PROBLEM: The response must consist of the lines below from the one with "(at_right 0) (locally" through the one with "- apply filterlim_locally; intros eps.", exactly as they appear and with both ends kept.

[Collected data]
======

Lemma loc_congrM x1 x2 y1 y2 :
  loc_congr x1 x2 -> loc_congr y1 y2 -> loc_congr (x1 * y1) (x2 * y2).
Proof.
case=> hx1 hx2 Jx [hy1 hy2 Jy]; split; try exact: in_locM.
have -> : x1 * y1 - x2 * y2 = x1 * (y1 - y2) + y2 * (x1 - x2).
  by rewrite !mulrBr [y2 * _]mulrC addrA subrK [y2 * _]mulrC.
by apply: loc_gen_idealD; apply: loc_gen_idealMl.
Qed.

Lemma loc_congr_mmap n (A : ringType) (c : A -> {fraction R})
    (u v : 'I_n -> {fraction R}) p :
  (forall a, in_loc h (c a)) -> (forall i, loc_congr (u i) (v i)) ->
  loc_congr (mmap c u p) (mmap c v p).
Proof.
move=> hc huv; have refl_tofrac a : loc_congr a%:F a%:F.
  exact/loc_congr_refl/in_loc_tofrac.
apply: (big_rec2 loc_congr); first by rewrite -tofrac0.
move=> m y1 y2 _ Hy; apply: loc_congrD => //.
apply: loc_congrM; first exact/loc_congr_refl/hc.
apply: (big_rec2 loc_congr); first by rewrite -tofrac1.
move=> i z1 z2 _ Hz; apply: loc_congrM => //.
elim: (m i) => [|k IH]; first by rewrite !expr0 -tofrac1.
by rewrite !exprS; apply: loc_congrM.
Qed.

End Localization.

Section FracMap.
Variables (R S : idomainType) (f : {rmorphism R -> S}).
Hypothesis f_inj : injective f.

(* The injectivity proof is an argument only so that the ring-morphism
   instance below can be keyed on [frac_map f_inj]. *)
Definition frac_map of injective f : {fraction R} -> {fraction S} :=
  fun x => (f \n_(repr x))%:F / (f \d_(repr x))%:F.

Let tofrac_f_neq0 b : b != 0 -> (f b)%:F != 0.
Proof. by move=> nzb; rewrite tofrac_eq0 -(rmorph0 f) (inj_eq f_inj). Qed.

======

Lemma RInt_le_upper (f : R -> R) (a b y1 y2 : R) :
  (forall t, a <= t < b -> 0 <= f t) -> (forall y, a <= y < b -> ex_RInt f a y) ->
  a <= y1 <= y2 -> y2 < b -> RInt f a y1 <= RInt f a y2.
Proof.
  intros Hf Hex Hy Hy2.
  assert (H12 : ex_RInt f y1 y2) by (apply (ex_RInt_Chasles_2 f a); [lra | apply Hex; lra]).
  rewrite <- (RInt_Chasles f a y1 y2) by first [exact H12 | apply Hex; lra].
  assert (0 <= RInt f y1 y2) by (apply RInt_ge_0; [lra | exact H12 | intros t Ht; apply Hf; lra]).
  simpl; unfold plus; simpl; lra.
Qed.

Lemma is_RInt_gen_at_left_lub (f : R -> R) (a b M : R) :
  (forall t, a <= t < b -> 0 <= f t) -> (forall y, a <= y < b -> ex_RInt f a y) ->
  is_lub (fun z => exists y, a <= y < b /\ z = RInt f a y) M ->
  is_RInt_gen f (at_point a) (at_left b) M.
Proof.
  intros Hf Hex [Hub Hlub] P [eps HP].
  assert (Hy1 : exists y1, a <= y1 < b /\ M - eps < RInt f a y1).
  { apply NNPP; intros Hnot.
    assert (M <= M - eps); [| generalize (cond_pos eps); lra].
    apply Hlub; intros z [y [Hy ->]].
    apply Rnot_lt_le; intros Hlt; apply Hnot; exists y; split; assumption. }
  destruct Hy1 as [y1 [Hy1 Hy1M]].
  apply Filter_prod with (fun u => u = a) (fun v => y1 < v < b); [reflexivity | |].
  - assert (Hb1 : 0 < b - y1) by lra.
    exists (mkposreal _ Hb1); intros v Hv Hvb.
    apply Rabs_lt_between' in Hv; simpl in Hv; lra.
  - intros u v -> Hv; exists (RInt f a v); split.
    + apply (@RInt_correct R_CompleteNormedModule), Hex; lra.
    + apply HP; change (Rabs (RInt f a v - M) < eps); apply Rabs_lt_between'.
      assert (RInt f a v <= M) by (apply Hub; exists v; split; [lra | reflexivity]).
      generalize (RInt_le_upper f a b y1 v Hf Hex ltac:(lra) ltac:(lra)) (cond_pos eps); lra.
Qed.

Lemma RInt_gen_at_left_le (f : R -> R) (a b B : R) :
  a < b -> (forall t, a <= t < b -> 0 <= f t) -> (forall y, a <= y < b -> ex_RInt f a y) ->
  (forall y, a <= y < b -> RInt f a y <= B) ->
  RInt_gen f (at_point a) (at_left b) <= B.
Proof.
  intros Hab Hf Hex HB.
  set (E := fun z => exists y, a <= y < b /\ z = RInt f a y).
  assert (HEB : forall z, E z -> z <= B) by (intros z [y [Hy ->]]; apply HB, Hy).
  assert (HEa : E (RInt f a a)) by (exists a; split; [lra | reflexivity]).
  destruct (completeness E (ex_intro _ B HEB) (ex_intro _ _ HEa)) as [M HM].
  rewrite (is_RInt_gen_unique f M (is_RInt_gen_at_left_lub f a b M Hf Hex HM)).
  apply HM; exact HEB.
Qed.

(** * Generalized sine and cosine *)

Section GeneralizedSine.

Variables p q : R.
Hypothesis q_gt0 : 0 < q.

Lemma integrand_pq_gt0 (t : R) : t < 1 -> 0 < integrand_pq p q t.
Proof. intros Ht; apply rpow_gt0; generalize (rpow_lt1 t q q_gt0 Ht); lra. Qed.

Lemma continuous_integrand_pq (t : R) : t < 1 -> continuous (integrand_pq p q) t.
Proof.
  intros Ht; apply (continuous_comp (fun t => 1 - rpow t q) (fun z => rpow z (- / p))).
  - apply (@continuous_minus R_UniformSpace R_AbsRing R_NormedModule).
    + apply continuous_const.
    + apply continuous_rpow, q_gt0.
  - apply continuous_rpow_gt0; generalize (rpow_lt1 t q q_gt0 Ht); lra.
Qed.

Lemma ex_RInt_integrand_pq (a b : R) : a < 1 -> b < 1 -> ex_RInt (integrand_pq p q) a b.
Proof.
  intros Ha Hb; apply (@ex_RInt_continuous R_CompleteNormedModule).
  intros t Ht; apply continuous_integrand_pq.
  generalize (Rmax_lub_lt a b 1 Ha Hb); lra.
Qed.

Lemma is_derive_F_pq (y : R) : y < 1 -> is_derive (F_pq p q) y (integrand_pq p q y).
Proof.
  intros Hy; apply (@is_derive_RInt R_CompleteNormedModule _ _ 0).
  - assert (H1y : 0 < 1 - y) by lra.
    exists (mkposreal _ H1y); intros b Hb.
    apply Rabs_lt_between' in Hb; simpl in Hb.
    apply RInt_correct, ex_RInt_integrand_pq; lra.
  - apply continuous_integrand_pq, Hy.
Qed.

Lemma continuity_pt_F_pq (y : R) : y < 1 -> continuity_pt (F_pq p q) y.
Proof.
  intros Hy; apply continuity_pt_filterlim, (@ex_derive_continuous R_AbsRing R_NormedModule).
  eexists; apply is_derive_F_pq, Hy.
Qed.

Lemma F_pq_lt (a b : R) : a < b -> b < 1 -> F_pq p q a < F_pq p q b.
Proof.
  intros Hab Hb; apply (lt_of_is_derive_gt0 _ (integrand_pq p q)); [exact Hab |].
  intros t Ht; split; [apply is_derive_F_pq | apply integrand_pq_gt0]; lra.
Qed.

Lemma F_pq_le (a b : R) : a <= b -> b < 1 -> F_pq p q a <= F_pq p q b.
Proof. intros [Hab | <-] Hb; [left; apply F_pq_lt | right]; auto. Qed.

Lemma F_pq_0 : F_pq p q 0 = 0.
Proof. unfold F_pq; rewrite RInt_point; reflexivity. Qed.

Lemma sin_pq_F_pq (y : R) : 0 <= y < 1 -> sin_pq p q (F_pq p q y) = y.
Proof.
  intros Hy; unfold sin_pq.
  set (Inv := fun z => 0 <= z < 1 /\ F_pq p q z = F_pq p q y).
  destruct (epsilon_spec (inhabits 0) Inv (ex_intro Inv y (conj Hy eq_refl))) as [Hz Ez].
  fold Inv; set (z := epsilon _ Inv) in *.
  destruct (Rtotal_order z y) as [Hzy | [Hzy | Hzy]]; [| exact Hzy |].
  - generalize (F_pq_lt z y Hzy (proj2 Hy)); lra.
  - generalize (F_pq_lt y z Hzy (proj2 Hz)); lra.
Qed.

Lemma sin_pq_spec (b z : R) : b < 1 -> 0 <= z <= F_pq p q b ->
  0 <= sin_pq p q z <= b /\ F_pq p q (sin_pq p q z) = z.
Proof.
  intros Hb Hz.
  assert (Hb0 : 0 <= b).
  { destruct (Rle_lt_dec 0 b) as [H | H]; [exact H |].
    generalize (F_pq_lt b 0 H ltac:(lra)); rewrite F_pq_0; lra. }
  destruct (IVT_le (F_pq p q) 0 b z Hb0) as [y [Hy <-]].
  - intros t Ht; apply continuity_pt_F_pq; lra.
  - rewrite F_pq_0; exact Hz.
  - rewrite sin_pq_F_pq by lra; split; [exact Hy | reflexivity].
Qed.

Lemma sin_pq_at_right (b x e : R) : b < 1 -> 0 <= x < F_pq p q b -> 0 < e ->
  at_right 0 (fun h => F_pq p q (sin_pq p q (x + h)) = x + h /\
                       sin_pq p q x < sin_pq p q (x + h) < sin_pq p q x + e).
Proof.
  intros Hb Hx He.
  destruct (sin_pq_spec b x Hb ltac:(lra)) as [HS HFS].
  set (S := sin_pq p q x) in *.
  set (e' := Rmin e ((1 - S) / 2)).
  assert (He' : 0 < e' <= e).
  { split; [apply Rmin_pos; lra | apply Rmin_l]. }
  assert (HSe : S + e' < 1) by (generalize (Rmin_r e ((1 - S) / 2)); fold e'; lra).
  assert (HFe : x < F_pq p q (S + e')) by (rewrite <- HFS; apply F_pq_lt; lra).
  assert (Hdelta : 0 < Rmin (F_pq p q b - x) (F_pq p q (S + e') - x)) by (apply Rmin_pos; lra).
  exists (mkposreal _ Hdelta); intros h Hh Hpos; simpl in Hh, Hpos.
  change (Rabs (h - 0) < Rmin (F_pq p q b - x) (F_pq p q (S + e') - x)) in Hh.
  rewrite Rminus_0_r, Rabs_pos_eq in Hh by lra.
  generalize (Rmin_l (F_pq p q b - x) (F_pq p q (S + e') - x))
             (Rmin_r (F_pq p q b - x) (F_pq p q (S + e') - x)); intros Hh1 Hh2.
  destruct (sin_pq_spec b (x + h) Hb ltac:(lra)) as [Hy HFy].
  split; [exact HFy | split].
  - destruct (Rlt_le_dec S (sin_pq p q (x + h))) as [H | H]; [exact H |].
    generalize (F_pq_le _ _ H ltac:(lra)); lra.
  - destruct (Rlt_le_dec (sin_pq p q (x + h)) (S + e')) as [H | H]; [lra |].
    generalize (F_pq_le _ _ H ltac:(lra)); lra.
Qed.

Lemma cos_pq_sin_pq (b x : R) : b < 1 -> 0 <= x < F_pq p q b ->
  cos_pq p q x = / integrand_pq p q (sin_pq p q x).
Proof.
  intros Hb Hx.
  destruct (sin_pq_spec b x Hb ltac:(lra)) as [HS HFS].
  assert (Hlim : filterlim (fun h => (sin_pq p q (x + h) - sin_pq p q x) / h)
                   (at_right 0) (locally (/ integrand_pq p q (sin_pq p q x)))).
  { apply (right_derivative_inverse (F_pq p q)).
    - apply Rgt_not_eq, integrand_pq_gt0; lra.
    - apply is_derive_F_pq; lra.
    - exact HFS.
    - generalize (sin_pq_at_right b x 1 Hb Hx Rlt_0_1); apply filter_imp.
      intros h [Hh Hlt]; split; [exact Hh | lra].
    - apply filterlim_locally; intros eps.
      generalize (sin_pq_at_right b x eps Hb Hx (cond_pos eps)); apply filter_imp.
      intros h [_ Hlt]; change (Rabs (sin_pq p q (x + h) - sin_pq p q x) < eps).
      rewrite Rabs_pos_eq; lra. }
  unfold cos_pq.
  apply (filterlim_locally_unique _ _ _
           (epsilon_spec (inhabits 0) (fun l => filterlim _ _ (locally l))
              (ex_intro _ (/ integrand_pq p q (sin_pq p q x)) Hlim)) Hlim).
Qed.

======

RESULT FOR THIS TASK:
                   (at_right 0) (locally (/ integrand_pq p q (sin_pq p q x)))).
  { apply (right_derivative_inverse (F_pq p q)).
    - apply Rgt_not_eq, integrand_pq_gt0; lra.
    - apply is_derive_F_pq; lra.
    - exact HFS.
    - generalize (sin_pq_at_right b x 1 Hb Hx Rlt_0_1); apply filter_imp.
      intros h [Hh Hlt]; split; [exact Hh | lra].
    - apply filterlim_locally; intros eps.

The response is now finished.